(* Let $L\geq 1$ be an integer and define, for $\beta\in(0,1)$, $$f(\beta)=\frac{(1-\beta^{2L})^2}{L^2\beta^{2L}(1-\beta^2)}.$$ Then $f$ is strictly decreasing on $(0,1)$.
   Context: $L$ is the number of users of a broadcast channel; $f(\beta)$ is the limit $\lim_{N\to\infty}\|\mathbf{F}\|_F^2/N$ of the normalized squared Frobenius norm of the base encoding matrix of the scheme, but the claim is purely about the displayed real function. *)

From Stdlib Require Import Reals.
Open Scope R_scope.

Definition fL (L : nat) (beta : R) : R :=
  (1 - beta ^ (2 * L)) ^ 2 / ((INR L) ^ 2 * beta ^ (2 * L) * (1 - beta ^ 2)).

(* With x = beta^2, summing the geometric series splits f into two factors,
   f = (1 - x^L) * (x^-1 + ... + x^-L) / L^2.
   On (0,1) both factors are positive and decrease in x, the second strictly,
   so their product is strictly decreasing. *)
From Stdlib Require Import Reals Lra Lia.
Open Scope R_scope.

Definition inv_geom_sum (n : nat) (x : R) : R :=
  / x * sum_f_R0 (fun i => (/ x) ^ i) n.

Lemma inv_geom_sum_closed (n : nat) (x : R) : x <> 0 -> x <> 1 ->
  inv_geom_sum n x = (1 - x ^ S n) / (x ^ S n * (1 - x)).
Proof.
  intros Hx Hx1.
  assert (Hy : / x <> 1).
  { intro E; apply Hx1; rewrite <- (Rinv_inv x), E; apply Rinv_1. }
  assert (HX : x ^ S n <> 0) by (apply pow_nonzero; exact Hx).
  unfold inv_geom_sum; rewrite tech3, pow_inv by exact Hy.
  field; repeat split; try assumption; intro E; apply Hx1; lra.
Qed.

Lemma fL_succ_factor (n : nat) (b : R) : b <> 0 -> b ^ 2 <> 1 ->
  fL (S n) b = (1 - (b ^ 2) ^ S n) * inv_geom_sum n (b ^ 2) / INR (S n) ^ 2.
Proof.
  intros Hb Hb2.
  assert (Hx : b ^ 2 <> 0) by (apply pow_nonzero; exact Hb).
  assert (HX : (b ^ 2) ^ S n <> 0) by (apply pow_nonzero; exact Hx).
  assert (HL : INR (S n) <> 0) by (apply not_0_INR; lia).
  unfold fL; rewrite inv_geom_sum_closed, pow_mult by assumption.
  field; repeat split; try assumption; intro E; apply Hb2; lra.
Qed.

Lemma sum_pow_ge_1 (y : R) (n : nat) : 0 <= y -> 1 <= sum_f_R0 (fun i => y ^ i) n.
Proof.
  intros Hy; induction n as [|n IH]; simpl.
  - lra.
  - assert (0 <= y ^ S n) by (apply pow_le; exact Hy). simpl in *; lra.
Qed.

Lemma sum_pow_le_compat (y z : R) (n : nat) : 0 <= y <= z ->
  sum_f_R0 (fun i => y ^ i) n <= sum_f_R0 (fun i => z ^ i) n.
Proof.
  intros Hyz; apply sum_Rle; intros i _; apply pow_incr; exact Hyz.
Qed.

Lemma inv_geom_sum_pos (n : nat) (x : R) : 0 < x -> 0 < inv_geom_sum n x.
Proof.
  intros Hx; unfold inv_geom_sum.
  assert (Hy : 0 < / x) by (apply Rinv_0_lt_compat; exact Hx).
  assert (HS := sum_pow_ge_1 (/ x) n (Rlt_le _ _ Hy)).
  nra.
Qed.

Lemma inv_geom_sum_decreasing (n : nat) (x1 x2 : R) : 0 < x1 < x2 ->
  inv_geom_sum n x2 < inv_geom_sum n x1.
Proof.
  intros Hx; unfold inv_geom_sum.
  assert (Hy2 : 0 < / x2) by (apply Rinv_0_lt_compat; lra).
  assert (Hy : / x2 < / x1) by (apply Rinv_lt_contravar; nra).
  assert (HS2 := sum_pow_ge_1 (/ x2) n (Rlt_le _ _ Hy2)).
  assert (HS := sum_pow_le_compat (/ x2) (/ x1) n (conj (Rlt_le _ _ Hy2) (Rlt_le _ _ Hy))).
  nra.
Qed.

Theorem lemma1 (L : nat) (HL : (1 <= L)%nat) :
  forall b1 b2 : R, 0 < b1 -> b1 < b2 -> b2 < 1 -> fL L b2 < fL L b1.
Proof.
  intros b1 b2 H1 H12 H2.
  destruct L as [|n]; [lia|].
  rewrite !fL_succ_factor by nra.
  assert (Hx : 0 < b1 ^ 2 < b2 ^ 2) by (split; nra).
  assert (Hx2 : b2 ^ 2 < 1) by nra.
  assert (HA1 : (b1 ^ 2) ^ S n < 1) by (apply pow_lt_1_compat; [lra | lia]).
  assert (HA : (b1 ^ 2) ^ S n <= (b2 ^ 2) ^ S n) by (apply pow_incr; lra).
  assert (HB2 := inv_geom_sum_pos n (b2 ^ 2) ltac:(lra)).
  assert (HB := inv_geom_sum_decreasing n (b1 ^ 2) (b2 ^ 2) Hx).
  assert (HL2 : 0 < INR (S n) ^ 2) by (apply pow_lt, lt_0_INR; lia).
  apply Rmult_lt_compat_r; [apply Rinv_0_lt_compat; exact HL2|].
  nra.
Qed.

──────

» **What you have to do**
In the records above, the line with "intros b1 b2 H1 H12 H2." marks the start and the line with "apply Rmult_lt_compat_r; [apply" marks the end; copy that stretch exactly, both lines included, and nothing else.

» **Exercise result**
  intros b1 b2 H1 H12 H2.
  destruct L as [|n]; [lia|].
  rewrite !fL_succ_factor by nra.
  assert (Hx : 0 < b1 ^ 2 < b2 ^ 2) by (split; nra).
  assert (Hx2 : b2 ^ 2 < 1) by nra.
  assert (HA1 : (b1 ^ 2) ^ S n < 1) by (apply pow_lt_1_compat; [lra | lia]).
  assert (HA : (b1 ^ 2) ^ S n <= (b2 ^ 2) ^ S n) by (apply pow_incr; lra).
  assert (HB2 := inv_geom_sum_pos n (b2 ^ 2) ltac:(lra)).
  assert (HB := inv_geom_sum_decreasing n (b1 ^ 2) (b2 ^ 2) Hx).
  assert (HL2 : 0 < INR (S n) ^ 2) by (apply pow_lt, lt_0_INR; lia).
  apply Rmult_lt_compat_r; [apply Rinv_0_lt_compat; exact HL2|].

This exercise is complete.